● What you are asked to do: What lines of the data below hold the string "replace"? Copy each one out.

Collected data entries:
(* In the setting of the context, with $S,E,I$ as defined there, the function $E(t)+I(t)$ attains its maximum \[ \max_{t\ge0}\bigl(E(t)+I(t)\bigr)=\tilde S+\tilde E+\tilde I-\frac{\gamma}{\beta}\Bigl(1+\log\tilde S-\log\frac{\gamma}{\beta}\Bigr) \] at \[ t=T_3:=\varphi\Bigl(\frac{\gamma}{\beta\tilde S e^{(\beta/\gamma)\tilde R}}\Bigr)=\int_{\gamma/(\beta\tilde S e^{(\beta/\gamma)\tilde R})}^{u_0}\frac{d\xi}{\xi\psi(\xi)}=S^{-1}\Bigl(\frac{\gamma}{\beta}\Bigr). \] Moreover, $E+I$ is increasing on $[0,T_3)$ and decreasing on $(T_3,\infty)$.
   Context: Let $\beta,\gamma,\delta>0$ be constants and $\tilde S,\tilde E,\tilde I,\tilde R$ real numbers with $N:=\tilde S+\tilde E+\tilde I+\tilde R>0$. Standing assumptions: (A1) $\tilde I>0$; (A2) $\tilde E>(\gamma/\delta)\tilde I$; (A3) $\tilde S>\delta\tilde E/(\beta\tilde I)$; (A4) $\tilde R\ge 0$ and $N>\tilde S e^{(\beta/\gamma)\tilde R}+\tilde R$. Let $\alpha$ be the unique solution in $(\tilde R,N)$ of $x=N-\tilde S e^{(\beta/\gamma)\tilde R}e^{-(\beta/\gamma)x}$, and assume (A5) $\tilde S<(\gamma/\beta)e^{(\beta/\gamma)(\alpha-\tilde R)}$. Put $u_0:=e^{-(\beta/\gamma)\tilde R}$, $u_\infty:=e^{-(\beta/\gamma)\alpha}$. Let $\psi$ be the unique function, continuous and positive on $(u_\infty,u_0]$ and $C^1$ on $(u_\infty,u_0)$, satisfying $\psi'(u)\psi(u)-\frac{\gamma+\delta}{u}\psi(u)=-\delta\,\frac{\beta N-\beta\tilde S e^{(\beta/\gamma)\tilde R}u+\gamma\log u}{u}$ on $(u_\infty,u_0)$ and $\psi(u_0)=\beta\tilde I$. Let $\varphi(u):=\int_u^{u_0}\frac{d\xi}{\xi\psi(\xi)}$; $\varphi$ is a strictly decreasing continuous bijection from $(u_\infty,u_0]$ onto $[0,\infty)$, $C^1$ on $(u_\infty,u_0)$, with inverse $\varphi^{-1}:[0,\infty)\to(u_\infty,u_0]$. For $t\ge 0$ define $S(t)=\tilde S e^{(\beta/\gamma)\tilde R}\varphi^{-1}(t)$, $E(t)=\tilde E e^{-\delta t}+\tilde S e^{(\beta/\gamma)\tilde R}e^{-\delta t}\int_{\varphi^{-1}(t)}^{u_0}e^{\delta\varphi(v)}dv$, $I(t)=N-\tilde S e^{(\beta/\gamma)\tilde R}\varphi^{-1}(t)+\frac{\gamma}{\beta}\log\varphi^{-1}(t)-E(t)$; $S^{-1}$ denotes the inverse of the strictly decreasing function $S$. *)

From Stdlib Require Import Reals Lra.
From Coquelicot Require Import Coquelicot.
Open Scope R_scope.

Definition seir_assumptions (beta gamma delta St Et It Rt : R) : Prop :=
  0 < beta /\ 0 < gamma /\ 0 < delta /\
  0 < St + Et + It + Rt /\
  0 < It /\
  Et > (gamma / delta) * It /\
  St > delta * Et / (beta * It) /\
  0 <= Rt /\
  St + Et + It + Rt > St * exp ((beta / gamma) * Rt) + Rt.

(* alpha is a solution in (Rt, N) of x = N - St e^{(beta/gamma)Rt} e^{-(beta/gamma)x}
   (the context asserts it is the unique one). *)
Definition is_alpha (beta gamma St Et It Rt alpha : R) : Prop :=
  Rt < alpha < St + Et + It + Rt /\
  alpha = St + Et + It + Rt
          - St * exp ((beta / gamma) * Rt) * exp (- (beta / gamma) * alpha).

Definition u0_of (beta gamma Rt : R) : R := exp (- (beta / gamma) * Rt).
Definition uinf_of (beta gamma alpha : R) : R := exp (- (beta / gamma) * alpha).

(* psi: continuous and positive on (uinf, u0], C^1 on (uinf, u0), solving the ODE
   psi' psi - (gamma+delta)/u psi = -delta (beta N - beta St e^{(beta/gamma)Rt} u + gamma log u)/u
   with psi(u0) = beta It.  (The context asserts that this psi is unique.) *)
Definition is_psi (beta gamma delta St Et It Rt alpha : R) (psi : R -> R) : Prop :=
  let N := St + Et + It + Rt in
  let u0 := u0_of beta gamma Rt in
  let uinf := uinf_of beta gamma alpha in
  (forall u, uinf < u < u0 -> continuous psi u) /\
  filterlim psi (at_left u0) (locally (psi u0)) /\
  (forall u, uinf < u <= u0 -> 0 < psi u) /\
  (forall u, uinf < u < u0 -> ex_derive psi u /\ continuous (Derive psi) u) /\
  (forall u, uinf < u < u0 ->
     Derive psi u * psi u - (gamma + delta) / u * psi u
     = - delta * (beta * N - beta * St * exp ((beta / gamma) * Rt) * u + gamma * ln u) / u) /\
  psi u0 = beta * It.

Definition phi_of (u0 : R) (psi : R -> R) (u : R) : R :=
  RInt (fun xi => / (xi * psi xi)) u u0.

Definition is_phiinv (uinf u0 : R) (psi : R -> R) (phiinv : R -> R) : Prop :=
  forall t, 0 <= t -> uinf < phiinv t <= u0 /\ phi_of u0 psi (phiinv t) = t.

Definition S_fun (beta gamma St Rt : R) (phiinv : R -> R) (t : R) : R :=
  St * exp ((beta / gamma) * Rt) * phiinv t.

Definition E_fun (beta gamma delta St Et Rt : R) (psi phiinv : R -> R) (t : R) : R :=
  let u0 := u0_of beta gamma Rt in
  Et * exp (- delta * t)
  + St * exp ((beta / gamma) * Rt) * exp (- delta * t)
    * RInt (fun v => exp (delta * phi_of u0 psi v)) (phiinv t) u0.

Definition I_fun (beta gamma delta St Et It Rt : R) (psi phiinv : R -> R) (t : R) : R :=
  let N := St + Et + It + Rt in
  N - St * exp ((beta / gamma) * Rt) * phiinv t + (gamma / beta) * ln (phiinv t)
  - E_fun beta gamma delta St Et Rt psi phiinv t.

(* Since E + I = N - S + (gamma/beta) log u with S = St e^{(beta/gamma)Rt} u and u = phiinv t,
   the function E + I is a fixed concave function of u, namely N + c ln u - K u, maximal at
   u = c/K, i.e. where S = gamma/beta.  Time enters only through u = phiinv t, which is
   strictly decreasing because phi is the integral of a positive function; (A2)-(A3) and (A5)
   place the maximiser inside (uinf, u0), so it is reached at the positive time T3. *)
From Stdlib Require Import Reals Lra.
From Coquelicot Require Import Coquelicot.
Open Scope R_scope.

Lemma ln_lt_sub_1 (x : R) : 0 < x -> x <> 1 -> ln x < x - 1.
Proof.
  intros Hx Hx1.
  assert (Hln : ln x <> 0) by (intros H; apply Hx1; rewrite <- (exp_ln x), H, exp_0; lra).
  pose proof (exp_ineq1 (ln x) Hln) as Hexp. rewrite exp_ln in Hexp by exact Hx. lra.
Qed.

Lemma ln_sub_lt_div_l (u v : R) : 0 < u -> u < v -> ln v - ln u < (v - u) / u.
Proof.
  intros Hu Huv. rewrite <- ln_div by lra.
  replace ((v - u) / u) with (v / u - 1) by (field; lra).
  apply ln_lt_sub_1.
  - apply Rdiv_lt_0_compat; lra.
  - intros H. apply Rmult_eq_compat_r with (r := u) in H.
    replace (v / u * u) with v in H by (field; lra). lra.
Qed.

● Task response:
  replace ((v - u) / u) with (v / u - 1) by (field; lra).
    replace (v / u * u) with v in H by (field; lra). lra.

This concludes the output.